Professor Peter Alexander, the South African Research Chair in Social Change at the University of Johannesburg says these statistics make South Africa the “protest capital of the world”.

“Even before Marikana, we had as many protests in the first six months of 2012 in the country as there had been in previous years,” he said.

The police have been exposed to be ill equipped to deal with the outpouring of public dissent.

“We don’t have the kind of leadership needed to deal with this type of complex problem. There is a heavy-handed approach, one that does not seem to be willing to be emphatic [or] negotiate, or deal with the root causes,” Newham said.

Allegations of police brutality have been dismissed by the South African presidency.

“Police are confronted with very violent protests where people destroy property and threaten the life of people and sometimes causing injury or death to law abiding citizens,” says Collins Chabane, chairperson of the Inter-Ministerial Committee which has coordinated the government’s response to the events at Marikana.

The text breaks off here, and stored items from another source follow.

Lemma same_zeta_class_share n itin n' itin' c : extra_cyl n itin -> extra_cyl n' itin' -> zeta_class n itin c -> zeta_class n' itin' c ->
  exists x, cyl_set w n itin x /\ cyl_set w n' itin' x.
Proof.
  intros h h' (A & hA & mA & hmA & eA) (B & hB & mB & hmB & eB).
  pose proof (in_cyl_period_pos _ _ _ _ hB) as n0'.
  exists (B O). split.
  - assert (ev : Z.even (mB - mA) = true) by (rewrite Z.even_sub, eA, eB; destruct c; auto).
    apply Z.even_spec in ev. destruct ev as [d ed].
    apply (cyl_set_of_zeta_congr n itin A (B O) (itin' O) mA d hA (extra_cyl_sloped _ _ h A hA) hmA).
    + pose proof (orbit_side _ _ _ _ _ hB O ltac:(lia)) as hs. rewrite itin_at_0 in hs; auto.
    + apply (orbit_angle _ _ _ _ hw hB). lia.
    + pose proof (extra_cyl_sloped _ _ h' B hB O ltac:(lia)) as g. rewrite itin_at_0 in g; auto.
    + replace (mA + 2 * d)%Z with mB by lia. unfold apos, adir in hmB. rewrite itin_at_0 in hmB; auto.
  - exists B, O. split; auto.
Qed.

Lemma at_most_two_extra_cylinders : exists A B : R * R -> Prop, forall n itin, lam_stable_cyl w n itin -> ~ ping_pong w n itin ->
    (forall x, cyl_set w n itin x <-> A x) \/ (forall x, cyl_set w n itin x <-> B x).
Proof.
  set (Af := fun c x => exists n itin, extra_cyl n itin /\ zeta_class n itin c /\ cyl_set w n itin x).
  exists (Af true), (Af false). intros n itin hs hnp.
  assert (h : extra_cyl n itin) by (split; auto).
  destruct (extra_cyl_zeta_class n itin h) as [c hc].
  assert (key : forall x, cyl_set w n itin x <-> Af c x).
  { intros x. split.
    - intros hx. exists n, itin. auto.
    - intros (n' & itin' & h' & hc' & hx). pose proof (same_zeta_class_share _ _ _ _ c h h' hc hc') as hsh.
      apply (extra_cyl_share _ _ _ _ h h' hsh). auto. }
  destruct c; [left|right]; auto.
Qed.

End Classes.

End Invariant.
Theorem proposition4p6 (w : R) (hw : 0 < w) :
  lam_stable_cyl w 2 (fun k => if Nat.even k then 0%nat else 2%nat) /\
  lam_stable_cyl w 2 (fun k => if Nat.even k then 1%nat else 3%nat) /\
  ((forall p q : nat, (0 < p)%nat -> (0 < q)%nat -> ~ special_width w p q) ->
   forall (n : nat) (itin : nat -> nat),
     lam_stable_cyl w n itin -> ping_pong w n itin) /\
  (forall p q : nat, (0 < p)%nat -> (0 < q)%nat -> special_width w p q ->
   exists A B : R * R -> Prop,
     forall (n : nat) (itin : nat -> nat),
       lam_stable_cyl w n itin -> ~ ping_pong w n itin ->
       ((forall x, cyl_set w n itin x <-> A x) \/
        (forall x, cyl_set w n itin x <-> B x)) /\
       cyl_abs_slope w n itin (INR p / (INR q * w))).
Proof.
  split; [|split; [|split]].
  - apply (lam_stable_pingpong w 0 2 (w/2) (3*w/2+1) 1); simpl; auto; try lra.
    rewrite (bposE w 0 (w/2)), (bposE w 2 (3*w/2+1)) by (simpl; lra). unfold vadd, vscal; simpl; f_equal; lra.
    unfold vscal; simpl; f_equal; lra.
  - apply (lam_stable_pingpong w 1 3 (w + /2) (2*w+2 - /2) w); simpl; auto; try lra.
    rewrite (bposE w 1 (w + /2)), (bposE w 3 (2*w+2 - /2)) by (simpl; lra). unfold vadd, vscal; simpl; f_equal; lra.
    unfold vscal; simpl; f_equal; lra.
  - intros hns n itin hs. apply NNPP. intros hnp.
    destruct (non_pingpong_hits_pos _ _ _ hw (proj1 hs) hnp) as [h1 h2].
    exact (hns _ _ h1 h2 (lam_stable_special_width _ _ _ hw hs h1 h2)).
  - intros p q hp hq hsp. destruct (at_most_two_extra_cylinders w p q hw hp hq hsp) as (A & B & hAB).
    exists A, B. intros n itin hs hnp. split; [apply hAB; auto|apply lam_stable_slope; auto].
Qed.
(* The Hilbert series $\sum_{n\ge0}(\dim_k (A_k)_n)t^n$ of $A_k$ equals $(1-7t+7t^2-t^3)^{-1}$.
   Context: Let $k$ be a field. Label the points of the Fano plane by $1,\dots,7$ so that its directed lines are $123,145,167,246,275,374,365$. For $i,j,l\in\{1,\dots,7\}$ put $\varepsilon^{ijl}=1$ if $(i,j,l)$ is a cyclic rotation of one of these directed lines, $\varepsilon^{ijl}=-1$ if $(j,i,l)$ is such a cyclic rotation, and $\varepsilon^{ijl}=0$ otherwise. Let $A_k=k\langle x_1,\dots,x_7\rangle/(r_1,\dots,r_7)$, graded by $\deg x_i=1$, where $r_i=\sum_{m,n=1}^7\varepsilon^{imn}x_mx_n$; explicitly $r_1=[x_2,x_3]+[x_4,x_5]+[x_6,x_7]$, $r_2=[x_3,x_1]+[x_4,x_6]+[x_7,x_5]$, $r_3=[x_1,x_2]+[x_6,x_5]+[x_7,x_4]$, $r_4=[x_5,x_1]+[x_3,x_7]+[x_6,x_2]$, $r_5=[x_1,x_4]+[x_2,x_7]+[x_3,x_6]$, $r_6=[x_7,x_1]+[x_5,x_3]+[x_2,x_4]$, $r_7=[x_1,x_6]+[x_4,x_3]+[x_5,x_2]$. *)

From HB Require Import structures.
From mathcomp Require Import all_boot all_order all_algebra.
Set Implicit Arguments. Unset Strict Implicit. Unset Printing Implicit Defensive.
Import Order.TTheory GRing.Theory Num.Theory.
Local Open Scope ring_scope.

(* Points of the Fano plane 1..7 are encoded as 'I_7 via i |-> i-1.
   Directed lines 123,145,167,246,275,374,365 (1-based). *)
Definition fano_lines : seq (nat * nat * nat) :=
  [:: (1,2,3); (1,4,5); (1,6,7); (2,4,6); (2,7,5); (3,7,4); (3,6,5)]%N.

Definition cyc_line (a b c : nat) : bool :=
  has (fun t => let: (x, y, z) := t in
        [|| (a, b, c) == (x, y, z), (a, b, c) == (y, z, x) | (a, b, c) == (z, x, y)])
      fano_lines.

Definition eps (i j l : 'I_7) : int :=
  if cyc_line i.+1 j.+1 l.+1 then 1
  else if cyc_line j.+1 i.+1 l.+1 then -1 else 0.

“Being confronted with this situation, the police have to react in a manner that might suggest they might be using more force. But it is not the intention of the police to approach it that way,” he added.

Minister Chabane called the unrest in the mining industry “a legacy of the past”.

Increasing numbers of protests are a signal of discontent on the local level, he said, rejecting suggestions that country was in the throes of a crisis.

Despite the Minister’s sentiment, police brutality and volatile community relations in the country have become a recurring theme in post-apartheid South Africa.

The Marikana commission has already heard damning testimony of police brutality with at least one forensic expert questioning police intent over their decision to carry assault rifles to the scene of the strike.

Despite police evidence suggesting that some miners were armed with handguns, the South African Police Service’s disproportionate response to the assembly of striking workers in Marikana has not escaped scrutiny, eliciting comparisons with police crackdowns under apartheid.

Ebrahim Fakir, a political analyst says the comparisons were unfair.

“Though there was evidence of ‘a creeping intolerance’, there still wasn’t sufficient basis to compare police actions to those under apartheid,” Fakir says. 

But this has not stopped workers from making those comparisons themselves. Lonmin miner Zamekhaya Luthe says that the strike forced people to think about the past.

“The message our strike sent out there is for all the parties and citizens to open their eyes and ask themselves if we are all free. It is our grandfathers who used to be shot and beaten by the boer [whites] and even us now, we really need to think again; are we free?” Luthe said.

Marikana exposed old wounds, leaving a nation to question how far it has actually progressed.

Despite the legitimate grievances of ordinary South Africans here in Marikana, their struggle has become yet another political battleground, as political parties and rival unions contest ownership of the grievances of the town.